__WHAT YOU WILL DO__
Return, word for word, only the lines of the data below that lie between the line with "Definition Gprime_adj (n" and the line with "rows forming an", those two lines included.

───── RECORDS SUPPLIED ─────

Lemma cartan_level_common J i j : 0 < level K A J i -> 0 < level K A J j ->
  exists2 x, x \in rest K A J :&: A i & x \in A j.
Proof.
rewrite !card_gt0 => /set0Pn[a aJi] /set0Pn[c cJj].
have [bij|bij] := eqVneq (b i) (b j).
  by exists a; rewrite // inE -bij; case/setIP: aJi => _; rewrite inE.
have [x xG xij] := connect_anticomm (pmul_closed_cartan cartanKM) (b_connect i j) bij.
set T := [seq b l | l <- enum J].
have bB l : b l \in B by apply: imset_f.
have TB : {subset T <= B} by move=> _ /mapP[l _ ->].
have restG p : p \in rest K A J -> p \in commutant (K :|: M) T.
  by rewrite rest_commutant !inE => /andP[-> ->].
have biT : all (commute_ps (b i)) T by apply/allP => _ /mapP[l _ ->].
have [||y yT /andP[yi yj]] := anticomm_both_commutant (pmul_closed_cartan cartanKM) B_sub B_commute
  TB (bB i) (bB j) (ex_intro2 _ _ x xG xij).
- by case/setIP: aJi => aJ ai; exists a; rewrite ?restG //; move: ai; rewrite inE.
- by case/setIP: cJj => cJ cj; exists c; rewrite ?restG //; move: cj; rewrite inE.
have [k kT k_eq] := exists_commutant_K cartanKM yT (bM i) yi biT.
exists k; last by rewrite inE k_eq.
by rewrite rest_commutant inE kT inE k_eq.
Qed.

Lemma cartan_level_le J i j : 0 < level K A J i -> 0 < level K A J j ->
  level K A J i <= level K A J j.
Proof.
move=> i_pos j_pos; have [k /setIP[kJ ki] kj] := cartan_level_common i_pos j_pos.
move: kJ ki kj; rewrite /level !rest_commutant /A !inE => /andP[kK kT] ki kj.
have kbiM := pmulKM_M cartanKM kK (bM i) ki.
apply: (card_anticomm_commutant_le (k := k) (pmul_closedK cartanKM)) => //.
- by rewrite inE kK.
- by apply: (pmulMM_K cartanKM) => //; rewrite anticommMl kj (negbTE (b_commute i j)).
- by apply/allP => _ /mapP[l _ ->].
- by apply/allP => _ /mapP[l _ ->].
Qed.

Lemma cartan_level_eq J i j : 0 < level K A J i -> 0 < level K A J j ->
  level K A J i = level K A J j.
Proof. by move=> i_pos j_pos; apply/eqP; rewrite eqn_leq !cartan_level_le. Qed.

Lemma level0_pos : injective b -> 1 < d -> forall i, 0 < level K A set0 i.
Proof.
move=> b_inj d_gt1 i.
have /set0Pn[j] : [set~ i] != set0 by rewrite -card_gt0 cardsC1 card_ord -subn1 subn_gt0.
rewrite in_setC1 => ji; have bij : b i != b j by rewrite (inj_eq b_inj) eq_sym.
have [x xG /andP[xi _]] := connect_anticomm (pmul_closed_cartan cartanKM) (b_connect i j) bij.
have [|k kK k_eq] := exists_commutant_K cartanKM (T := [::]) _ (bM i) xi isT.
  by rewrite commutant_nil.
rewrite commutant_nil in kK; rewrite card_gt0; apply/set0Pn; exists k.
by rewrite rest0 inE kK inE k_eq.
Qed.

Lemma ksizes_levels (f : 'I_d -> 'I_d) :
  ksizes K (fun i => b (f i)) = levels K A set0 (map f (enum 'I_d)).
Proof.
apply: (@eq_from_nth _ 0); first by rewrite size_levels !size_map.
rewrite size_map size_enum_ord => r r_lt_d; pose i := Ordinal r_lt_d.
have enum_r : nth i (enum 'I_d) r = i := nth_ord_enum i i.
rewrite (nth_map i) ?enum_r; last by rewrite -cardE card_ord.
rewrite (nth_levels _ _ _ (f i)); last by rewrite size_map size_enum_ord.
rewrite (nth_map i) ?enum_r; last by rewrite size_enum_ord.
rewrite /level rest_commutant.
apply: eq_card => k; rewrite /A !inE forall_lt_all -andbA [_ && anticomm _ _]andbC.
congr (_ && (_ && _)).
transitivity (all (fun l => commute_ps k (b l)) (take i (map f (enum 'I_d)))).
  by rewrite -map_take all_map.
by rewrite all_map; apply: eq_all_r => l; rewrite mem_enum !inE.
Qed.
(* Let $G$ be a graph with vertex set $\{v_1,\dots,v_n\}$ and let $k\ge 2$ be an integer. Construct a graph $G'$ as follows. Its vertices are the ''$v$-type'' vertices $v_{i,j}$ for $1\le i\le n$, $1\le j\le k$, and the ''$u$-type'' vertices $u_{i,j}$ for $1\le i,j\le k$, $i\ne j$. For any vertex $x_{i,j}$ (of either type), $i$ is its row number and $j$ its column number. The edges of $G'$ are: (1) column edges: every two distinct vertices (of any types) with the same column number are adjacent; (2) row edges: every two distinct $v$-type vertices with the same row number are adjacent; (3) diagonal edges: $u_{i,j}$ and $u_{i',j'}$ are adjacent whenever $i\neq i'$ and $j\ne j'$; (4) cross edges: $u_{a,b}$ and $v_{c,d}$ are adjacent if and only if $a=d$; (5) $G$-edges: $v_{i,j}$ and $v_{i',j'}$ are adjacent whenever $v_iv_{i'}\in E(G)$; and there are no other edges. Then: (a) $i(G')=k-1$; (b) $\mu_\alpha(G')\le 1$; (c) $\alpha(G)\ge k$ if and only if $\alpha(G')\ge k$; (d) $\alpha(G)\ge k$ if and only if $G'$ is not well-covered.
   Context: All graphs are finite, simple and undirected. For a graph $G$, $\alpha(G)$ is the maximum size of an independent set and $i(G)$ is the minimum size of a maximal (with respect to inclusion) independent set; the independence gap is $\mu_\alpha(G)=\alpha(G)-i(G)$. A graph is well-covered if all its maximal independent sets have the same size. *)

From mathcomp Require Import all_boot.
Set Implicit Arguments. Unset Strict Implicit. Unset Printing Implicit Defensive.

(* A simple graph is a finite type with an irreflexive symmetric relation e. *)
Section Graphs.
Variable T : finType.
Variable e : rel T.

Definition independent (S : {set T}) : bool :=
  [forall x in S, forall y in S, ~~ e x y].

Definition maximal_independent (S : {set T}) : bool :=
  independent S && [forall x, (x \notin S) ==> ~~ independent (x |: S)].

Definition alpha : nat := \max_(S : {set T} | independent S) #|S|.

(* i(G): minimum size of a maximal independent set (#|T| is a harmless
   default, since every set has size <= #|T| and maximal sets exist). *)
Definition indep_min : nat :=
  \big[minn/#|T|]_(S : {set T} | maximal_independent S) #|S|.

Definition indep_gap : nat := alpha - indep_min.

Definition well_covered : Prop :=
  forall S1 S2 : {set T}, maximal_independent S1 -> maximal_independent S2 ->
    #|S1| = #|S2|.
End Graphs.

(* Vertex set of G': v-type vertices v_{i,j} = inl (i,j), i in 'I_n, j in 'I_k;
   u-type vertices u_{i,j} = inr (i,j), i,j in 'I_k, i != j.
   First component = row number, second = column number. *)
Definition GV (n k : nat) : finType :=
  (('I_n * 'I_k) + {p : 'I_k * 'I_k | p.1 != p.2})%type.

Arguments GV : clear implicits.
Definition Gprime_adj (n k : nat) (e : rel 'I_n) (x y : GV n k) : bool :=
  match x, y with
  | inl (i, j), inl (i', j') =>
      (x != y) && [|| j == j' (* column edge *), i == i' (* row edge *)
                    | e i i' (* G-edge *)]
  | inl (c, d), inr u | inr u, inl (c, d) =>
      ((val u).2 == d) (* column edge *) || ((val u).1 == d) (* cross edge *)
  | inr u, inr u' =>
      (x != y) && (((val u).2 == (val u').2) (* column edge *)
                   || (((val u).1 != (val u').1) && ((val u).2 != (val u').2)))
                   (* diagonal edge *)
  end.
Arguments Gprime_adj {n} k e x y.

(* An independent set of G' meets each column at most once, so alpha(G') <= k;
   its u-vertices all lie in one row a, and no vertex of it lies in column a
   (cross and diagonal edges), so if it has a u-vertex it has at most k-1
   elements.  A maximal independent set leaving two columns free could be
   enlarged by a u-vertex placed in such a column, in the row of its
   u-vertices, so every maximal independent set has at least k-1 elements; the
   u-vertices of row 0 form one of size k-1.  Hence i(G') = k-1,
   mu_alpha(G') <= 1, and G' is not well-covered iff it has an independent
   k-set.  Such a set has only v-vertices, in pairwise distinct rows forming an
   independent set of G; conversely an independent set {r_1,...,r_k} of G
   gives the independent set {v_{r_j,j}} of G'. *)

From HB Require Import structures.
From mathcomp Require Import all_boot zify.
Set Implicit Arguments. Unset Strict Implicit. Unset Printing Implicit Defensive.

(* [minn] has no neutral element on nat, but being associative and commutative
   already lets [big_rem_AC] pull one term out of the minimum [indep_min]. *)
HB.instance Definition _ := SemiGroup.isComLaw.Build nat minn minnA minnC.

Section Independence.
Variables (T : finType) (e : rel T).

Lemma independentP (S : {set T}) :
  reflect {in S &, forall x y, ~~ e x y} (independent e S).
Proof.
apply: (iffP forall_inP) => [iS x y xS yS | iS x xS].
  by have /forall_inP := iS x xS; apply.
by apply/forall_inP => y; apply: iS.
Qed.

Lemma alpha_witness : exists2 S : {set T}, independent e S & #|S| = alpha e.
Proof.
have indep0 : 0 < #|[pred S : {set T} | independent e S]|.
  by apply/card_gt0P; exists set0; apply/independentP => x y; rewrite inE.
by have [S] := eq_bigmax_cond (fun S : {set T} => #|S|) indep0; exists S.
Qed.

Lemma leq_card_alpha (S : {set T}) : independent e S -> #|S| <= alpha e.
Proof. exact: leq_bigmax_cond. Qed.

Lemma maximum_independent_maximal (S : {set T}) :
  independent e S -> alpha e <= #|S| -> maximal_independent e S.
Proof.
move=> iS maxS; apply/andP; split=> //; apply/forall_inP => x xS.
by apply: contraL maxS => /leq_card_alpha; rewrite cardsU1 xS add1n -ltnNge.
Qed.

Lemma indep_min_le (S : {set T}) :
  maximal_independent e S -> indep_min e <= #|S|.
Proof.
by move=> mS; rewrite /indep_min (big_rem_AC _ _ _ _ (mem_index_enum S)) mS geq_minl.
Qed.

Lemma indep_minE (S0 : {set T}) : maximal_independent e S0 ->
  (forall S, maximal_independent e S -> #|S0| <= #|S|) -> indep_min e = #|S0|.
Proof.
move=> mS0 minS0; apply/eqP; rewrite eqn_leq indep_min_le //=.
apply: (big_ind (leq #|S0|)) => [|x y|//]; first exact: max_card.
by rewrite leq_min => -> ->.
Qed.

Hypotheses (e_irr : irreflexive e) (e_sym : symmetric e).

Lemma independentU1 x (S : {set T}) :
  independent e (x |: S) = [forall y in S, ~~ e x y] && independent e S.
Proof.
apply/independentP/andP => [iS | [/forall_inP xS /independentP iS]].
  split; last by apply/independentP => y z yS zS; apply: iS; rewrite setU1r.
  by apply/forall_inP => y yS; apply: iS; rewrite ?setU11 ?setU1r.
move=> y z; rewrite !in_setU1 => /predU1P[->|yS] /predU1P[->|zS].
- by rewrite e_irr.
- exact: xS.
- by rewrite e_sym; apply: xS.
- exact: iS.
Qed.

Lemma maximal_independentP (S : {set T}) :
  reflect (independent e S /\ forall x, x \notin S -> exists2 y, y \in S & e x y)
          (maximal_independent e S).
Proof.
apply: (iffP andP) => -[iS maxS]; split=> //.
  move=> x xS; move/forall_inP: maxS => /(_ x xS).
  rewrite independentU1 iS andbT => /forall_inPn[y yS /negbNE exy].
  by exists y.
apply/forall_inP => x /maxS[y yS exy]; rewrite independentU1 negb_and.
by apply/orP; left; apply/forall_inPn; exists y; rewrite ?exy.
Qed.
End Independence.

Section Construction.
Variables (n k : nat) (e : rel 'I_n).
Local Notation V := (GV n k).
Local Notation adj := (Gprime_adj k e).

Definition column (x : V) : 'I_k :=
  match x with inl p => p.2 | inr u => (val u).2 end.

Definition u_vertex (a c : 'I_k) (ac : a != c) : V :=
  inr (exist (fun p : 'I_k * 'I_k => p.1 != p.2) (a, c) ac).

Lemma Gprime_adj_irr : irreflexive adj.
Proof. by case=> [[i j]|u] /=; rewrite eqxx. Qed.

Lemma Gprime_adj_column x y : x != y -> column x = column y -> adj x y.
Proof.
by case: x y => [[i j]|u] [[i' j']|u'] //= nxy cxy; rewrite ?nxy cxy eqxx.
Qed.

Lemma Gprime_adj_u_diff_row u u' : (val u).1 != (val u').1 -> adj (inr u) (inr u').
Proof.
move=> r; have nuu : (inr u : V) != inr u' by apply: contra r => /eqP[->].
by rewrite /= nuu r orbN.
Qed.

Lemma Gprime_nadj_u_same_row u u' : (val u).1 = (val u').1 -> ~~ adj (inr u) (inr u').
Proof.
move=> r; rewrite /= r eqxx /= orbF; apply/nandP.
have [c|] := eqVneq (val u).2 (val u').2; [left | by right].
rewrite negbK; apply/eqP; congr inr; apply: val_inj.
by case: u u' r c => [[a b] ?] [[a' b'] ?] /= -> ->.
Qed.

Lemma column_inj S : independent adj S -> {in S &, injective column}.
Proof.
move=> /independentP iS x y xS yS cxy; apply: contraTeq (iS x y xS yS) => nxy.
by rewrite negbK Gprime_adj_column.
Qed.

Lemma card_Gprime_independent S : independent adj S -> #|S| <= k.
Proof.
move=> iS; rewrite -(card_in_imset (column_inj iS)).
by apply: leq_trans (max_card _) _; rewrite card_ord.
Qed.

─────

__TASK SOLUTION__
Definition Gprime_adj (n k : nat) (e : rel 'I_n) (x y : GV n k) : bool :=
  match x, y with
  | inl (i, j), inl (i', j') =>
      (x != y) && [|| j == j' (* column edge *), i == i' (* row edge *)
                    | e i i' (* G-edge *)]
  | inl (c, d), inr u | inr u, inl (c, d) =>
      ((val u).2 == d) (* column edge *) || ((val u).1 == d) (* cross edge *)
  | inr u, inr u' =>
      (x != y) && (((val u).2 == (val u').2) (* column edge *)
                   || (((val u).1 != (val u').1) && ((val u).2 != (val u').2)))
                   (* diagonal edge *)
  end.
Arguments Gprime_adj {n} k e x y.

(* An independent set of G' meets each column at most once, so alpha(G') <= k;
   its u-vertices all lie in one row a, and no vertex of it lies in column a
   (cross and diagonal edges), so if it has a u-vertex it has at most k-1
   elements.  A maximal independent set leaving two columns free could be
   enlarged by a u-vertex placed in such a column, in the row of its
   u-vertices, so every maximal independent set has at least k-1 elements; the
   u-vertices of row 0 form one of size k-1.  Hence i(G') = k-1,
   mu_alpha(G') <= 1, and G' is not well-covered iff it has an independent
   k-set.  Such a set has only v-vertices, in pairwise distinct rows forming an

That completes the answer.